Luisa Heese (born 1984 in Göttingen, Lower Saxony), is a German curator. Since July 1, 2023, she is curator for contemporary art and sculpture at the Kunsthalle Mannheim From June 1, 2025, Heese will also become Deputy Director of the Kunsthalle. From september 2020 until 2023 she been head of the Museum im Kulturspeicher in Würzburg.

== Life ==
Luisa Heese studied Cultural Studies and Aesthetic Communication from 2005 to 2013 at the Stiftung Universität Hildesheim in Hildesheim and at the School of Arts and Design Escola Superior De Artes e Design in Caldas da Rainha in Portugal.

In 2015, she was hired as curator at the Kunsthalle Baden-Baden. Following the departure of the previous director Johan Holten, she and her colleague Hendrik Bündge temporarily headed the Kunsthalle from September 1, 2019.

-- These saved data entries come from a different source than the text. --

Lemma ends_profileD L1 U1 L2 U2 : ends_profile L1 U1 -> ends_profile L2 U2 ->
  ends_profile (L1 \+ L2) (U1 \+ U2).
Proof.
move=> [le1 nest1 lcont1 rcont1] [le2 nest2 lcont2 rcont2].
split => /=.
- by move=> a a01; rewrite lerD ?le1 ?le2.
- move=> a b a0 ab b1; have [? ?] := nest1 a b a0 ab b1.
  by have [? ?] := nest2 a b a0 ab b1; rewrite !lerD.
- move=> a e /[dup] a01 /andP[_ a1] e0; have e2 : 0 < e / 2 by rewrite divr_gt0.
  have [b /andP[b0 ba] [? ?]] := lcont1 a _ a01 e2.
  have [c /andP[c0 ca] [? ?]] := lcont2 a _ a01 e2.
  have [bc|cb] := leP b c.
    have [? ?] := nest1 b c b0 bc (le_trans (ltW ca) a1).
    by exists c; [rewrite c0 ca | split; lra].
  have [? ?] := nest2 c b c0 (ltW cb) (le_trans (ltW ba) a1).
  by exists b; [rewrite b0 ba | split; lra].
- move=> e e0; have e2 : 0 < e / 2 by rewrite divr_gt0.
  have [b /andP[b0 b1] [? ?]] := rcont1 _ e2.
  have [c /andP[c0 c1] [? ?]] := rcont2 _ e2.
  have [bc|cb] := leP b c.
    have [? ?] := nest2 b c (ltW b0) bc c1.
    by exists b; [rewrite b0 b1 | split; lra].
  have [? ?] := nest1 c b (ltW c0) (ltW cb) b1.
  by exists c; [rewrite c0 c1 | split; lra].
Qed.

Lemma ends_profileZ k L U : 0 <= k -> ends_profile L U ->
  ends_profile (fun a => k * L a) (fun a => k * U a).
Proof.
move=> k0 [le_LU nested lcont rcont0].
have e' e : 0 < e -> 0 < e / (k + 1) /\ k * (e / (k + 1)) < e.
  move=> e0; have k1 : 0 < k + 1 by lra.
  by rewrite divr_gt0 // mulrA ltr_pdivrMr // mulrDr mulr1; split => //; lra.
split.
- by move=> a a01; rewrite ler_wpM2l ?le_LU.
- by move=> a b a0 ab b1; have [? ?] := nested a b a0 ab b1; rewrite !ler_wpM2l.
- move=> a e a01 /e'[e0 ke]; have [b b01 [Lb Ub]] := lcont a _ a01 e0.
  exists b => //; split.
    by have := ler_wpM2l k0 (ltW Lb); rewrite mulrBr; lra.
  by have := ler_wpM2l k0 (ltW Ub); rewrite mulrDr; lra.
- move=> e /e'[e0 ke]; have [b b01 [Lb Ub]] := rcont0 _ e0.
  exists b => //; split.
    by have := ler_wpM2l k0 (ltW Lb); rewrite mulrDr; lra.
  by have := ler_wpM2l k0 (ltW Ub); rewrite mulrBr; lra.
Qed.
Definition has_Kss (T : finType) (e : rel T) (s : nat) : Prop :=
  exists A B : {set T},
    [/\ #|A| = s, #|B| = s, [disjoint A & B] &
        forall a b, a \in A -> b \in B -> e a b].

Definition Kss_free (T : finType) (e : rel T) (s : nat) : Prop :=
  ~ has_Kss e s.

Definition induced_C4_set (T : finType) (e : rel T) (S : {set T}) : bool :=
  [exists u, exists x, exists v, exists y,
     [&& S == [set u; x; v; y], #|S| == 4,
         e u x, e x v, e v y, e y u, ~~ e u v & ~~ e x y]].

(* Number of induced copies of C4 (unlabeled): each such 4-set carries
   exactly one induced C4. *)
Definition n_induced_C4 (T : finType) (e : rel T) : nat :=
  #|[set S : {set T} | induced_C4_set e S]|.

(* Write codeg p for the number of common neighbours of a pair p = (x, y), and sum over the
   ordered pairs with x <> y: T = sum codeg and S = sum codeg^2.  Then S - T counts the
   quadruples (x, y, u, v) with x <> y, u <> v and x, y both adjacent to u, v; such a quadruple
   is an induced C4 with diagonals {x, y} and {u, v} unless uv or xy is an edge.
   In a K_{s,s}-free graph the neighbourhood of a vertex x is sparse: s - 1 distinct neighbours
   of x have at most s - 1 common neighbours adjacent to x, so a set W of m neighbours of x
   satisfies sum_(u in W) deg_W(u)^(s-1) = O_s(m^(s-1)), and by the power mean inequality W
   spans at most m^2/4 + O_s(m) ordered edges.  Applied to the common neighbourhood of (x, y),
   this bounds the quadruples in which uv is an edge, and by symmetry those in which xy is one,
   by S/4 + O_s(T) each; hence S <= 2 Q + O_s(T) with Q <= 24 * #(induced C4).
   Cauchy-Schwarz gives T >= D^2/n - D for the degree sum D >= 2 e(G), and S >= T^2/n^2; the
   hypothesis e(G) > 6^s s n^(3/2) makes the error terms negligible. *)

From Stdlib Require Import Reals Lra Psatz.
From mathcomp Require Import all_boot zify.
(* MathComp rebinds the delimiter %R to its ring scope; here it must denote the reals. *)
Delimit Scope R_scope with R.
Set Implicit Arguments.
Unset Strict Implicit.
Unset Printing Implicit Defensive.
(* Let $\phi$ be an IPC formula disjunctive in the variable $x$. Then for every Heyting algebra $H$ and every valuation $v$ in $H$ of the variables of $\phi$ other than $x$, the monotone map $h\mapsto[\![\phi]\!]_{(v,h/x)}$ has a least fixed point, equal to the value under $v$ of $\big(\bigwedge_{\alpha\in\mathrm{Head}(\phi)}\alpha\big)\to\big(\bigvee_{\beta\in\mathrm{Side}(\phi)}\beta\big)$ (empty meet $=\top$, empty join $=\bot$).
   Context: A formula is disjunctive in $x$ if it is generated by the grammar $\phi ::= x \mid \alpha\to\phi \mid \beta\vee\phi \mid \phi\vee\phi$, where $\alpha,\beta$ range over IPC formulas not containing $x$ (disjunctions up to commutativity). $\mathrm{Head}(\phi)$ is the set of formulas $\alpha$ used in productions $\alpha\to\phi'$ in the parse of $\phi$; $\mathrm{Side}(\phi)$ is the set of formulas $\beta$ used in productions $\beta\vee\phi'$. $(v,h/x)$ extends $v$ by sending $x$ to $h$. *)

From Stdlib Require Import List Arith.
Import ListNotations.
Set Implicit Arguments.

Inductive form : Type :=
| FVar : nat -> form
| FBot : form
| FTop : form
| FAnd : form -> form -> form
| FOr  : form -> form -> form
| FImp : form -> form -> form.

Fixpoint occurs (x : nat) (p : form) : bool :=
  match p with
  | FVar y => Nat.eqb x y
  | FBot | FTop => false
  | FAnd a b | FOr a b | FImp a b => occurs x a || occurs x b
  end.

Record HeytingAlgebra := {
  car :> Type;
  le : car -> car -> Prop;
  meet : car -> car -> car;
  join : car -> car -> car;
  imp : car -> car -> car;
  top : car;
  bot : car;
  le_refl : forall a, le a a;
  le_trans : forall a b c, le a b -> le b c -> le a c;
  le_antisym : forall a b, le a b -> le b a -> a = b;
  meet_glb : forall a b c, le c (meet a b) <-> (le c a /\ le c b);
  join_lub : forall a b c, le (join a b) c <-> (le a c /\ le b c);
  top_greatest : forall a, le a top;
  bot_least : forall a, le bot a;
  imp_adj : forall a b c, le c (imp a b) <-> le (meet c a) b
}.
Let eventually_tail_small : exists K, forall N, (K <= N)%N -> D * rho ^+ N <= 1 / 4.
Proof.
have [|K HK] := geometric_eventually_lt D (1 / 4); first lra.
by exists K => N /HK/ltW.
Qed.

Lemma prod_eventually_comparable : exists K, exists2 A, 0 < A &
  forall N, (K <= N)%N ->
    [/\ D * rho ^+ N <= 1 / 4, A / 2 <= normc (s N) & normc (s N) <= 2 * A].
Proof.
have [K HK] := eventually_tail_small.
have sK_gt0 : 0 < normc (s K) by apply/normc_gt0/prodf_neq0.
exists K, (normc (s K)) => // N /subnKC <-; move: (N - K)%N => j.
have DK := HK K (leqnn K).
have h1 := prod_tail_close K j DK.
have h2 := le_normcD (s (K + j) - s K) (s K); rewrite subrK in h2.
have h3 := le_normcD (s K - s (K + j)) (s (K + j)).
rewrite subrK -opprB normcN in h3.
have h4 := ler_wpM2l (ltW sK_gt0) DK.
split; [exact/HK/leq_addr | lra | lra].
Qed.

Lemma cvg_prod_lipschitz (F : C -> R) :
  (forall z w, `|F z - F w| <= normc (z - w)) -> cvg ((fun N => F (s N)) @ \oo).
Proof.
move=> F_lip; have [K [A A_gt0 HK]] := prod_eventually_comparable.
apply: cauchy_cvg; apply: cauchy_exP => e e_gt0.
have [K' HK'] := geometric_eventually_lt (4 * A * D) e e_gt0.
pose N := maxn K K'; have [DN _ sN] := HK N (leq_maxl _ _).
exists (F (s N)), N => // M /= /subnKC <-; rewrite /ball /=.
have h1 := F_lip (s N) (s (N + (M - N))); rewrite -[s N - _]opprB normcN in h1.
have h2 := prod_tail_close N (M - N) DN.
have h3 := ler_wpM2r (mulr_ge0 D_ge0 (exprn_ge0 N rho_ge0)) sN.
have := HK' N (leq_maxr _ _); lra.
Qed.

== Work during her time as director of the Museum im Kulturspeicher (2020 to 2023) ==

The Museum im Kulturspeicher Würzburg has two major collection areas. On the one hand, the Städtische Sammlung, which contains art from the 19th century to the present day, and on the other hand the Peter C. Ruppert Collection, which is dedicated to works of Concrete art.

Luisa Heese saw her task as director of the museum primarily in making connections. Connections, for one, in the city - for example, in 2021 she cleared her permanent collection for the exhibition Imagine Mozart - Mozartbilder, which took place as part of the Mozart Festival Würzburg, which the director of the Martin von Wagner Museum's Modern Department, Damian Dombrowski, commented on: "The years of preparation were already characterized by trusting cooperation with the Mozartfest, but with the Kulturspeicher as a 'third party in the alliance', the development of the exhibition was carried by a real esprit de corps. Above all, foundations are being laid for future joint projects!"

She also sought connections with visitors of the museum, for example, for the opening of the exhibition New Order art mediators were present in all rooms - recognizable by T-shirts with a question mark as a logo - to answer questions and with whom visitors could engage in conversation about the exhibition.

Furthermore, she saw it as her task to connect the Local and the Global, as it has already been practiced, for example, in the exhibition Konkret Global! (Concrete Global!).

Parallel to the exhibition, a symposium on the topic of Concrete art was held on October 25 and 26, 2022, together with the Institute for Art History of the Julius-Maximilians-Universität Würzburg, which was also streamed online: "With the research and exhibition project Konkret Global! (Concrete Global!), the Museum im Kulturspeicher Würzburg, in cooperation with international and local partners, illuminates concrete art and its key figures from a global perspective for the first time. What does concrete art look like in the Global South, what is its significance, and what are the differences between the ideas that concrete artists express through their works?"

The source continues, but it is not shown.